## TASK ITEM
Everything from the line containing "Section Multigraph." through the last line of the material must be restated word for word, and only that.

[Start of Attachment]

(* Let $G$ be a $c$-edge-colored multigraph (without loops) with $n$ vertices such that every vertex is incident to at least two edges of different colors. If $\delta_{dym}(x)\ge (n+1)/2$ for every $x\in V(G)$, and at least one vertex is incident to at least three edges of pairwise different colors, then $G$ has a properly colored hamiltonian cycle.
   Context: A $c$-edge-colored multigraph is a finite multigraph without loops (parallel edges allowed) together with a map $\phi:E(G)\to\{1,\ldots,c\}$. For $u,v\in V(G)$, $E_{uv}$ is the set of edges with end vertices $u$ and $v$. Here $\delta_{dym}(x)$ is the number of vertices $y$ such that $E_{xy}$ contains two edges of different colors. A properly colored (PC) hamiltonian cycle is a cyclic sequence $(x_1,f_1,x_2,f_2,\ldots,x_n,f_n,x_1)$ containing every vertex exactly once, with $f_i\in E_{x_ix_{i+1}}$ (indices mod $n$), such that any two consecutive edges, including $f_n$ and $f_1$, have different colors. *)

From mathcomp Require Import all_boot.
Set Implicit Arguments. Unset Strict Implicit. Unset Printing Implicit Defensive.

(* A c-edge-colored loopless multigraph: vertex type V, edge type E (parallel
   edges allowed, as distinct elements of E), endpoints [ends e] a 2-element
   set of vertices, and colouring [phi : E -> 'I_c] (colours 1..c encoded as
   0..c-1). *)
Section Multigraph.
Variables (V E : finType) (c : nat) (ends : E -> {set V}) (phi : E -> 'I_c).

Definition loopless : Prop := forall e : E, #|ends e| = 2.

Definition E_between (u v : V) : {set E} := [set e | ends e == [set u; v]].

Definition delta_dym (x : V) : nat :=
  #|[set y : V | [exists e1 in E_between x y, exists e2 in E_between x y,
                   phi e1 != phi e2]]|.

Definition incident (x : V) (e : E) : bool := x \in ends e.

[End of Attachment]

## EXERCISE RESULT
Section Multigraph.
Variables (V E : finType) (c : nat) (ends : E -> {set V}) (phi : E -> 'I_c).

Definition loopless : Prop := forall e : E, #|ends e| = 2.

Definition E_between (u v : V) : {set E} := [set e | ends e == [set u; v]].

Definition delta_dym (x : V) : nat :=
  #|[set y : V | [exists e1 in E_between x y, exists e2 in E_between x y,
                   phi e1 != phi e2]]|.

Definition incident (x : V) (e : E) : bool := x \in ends e.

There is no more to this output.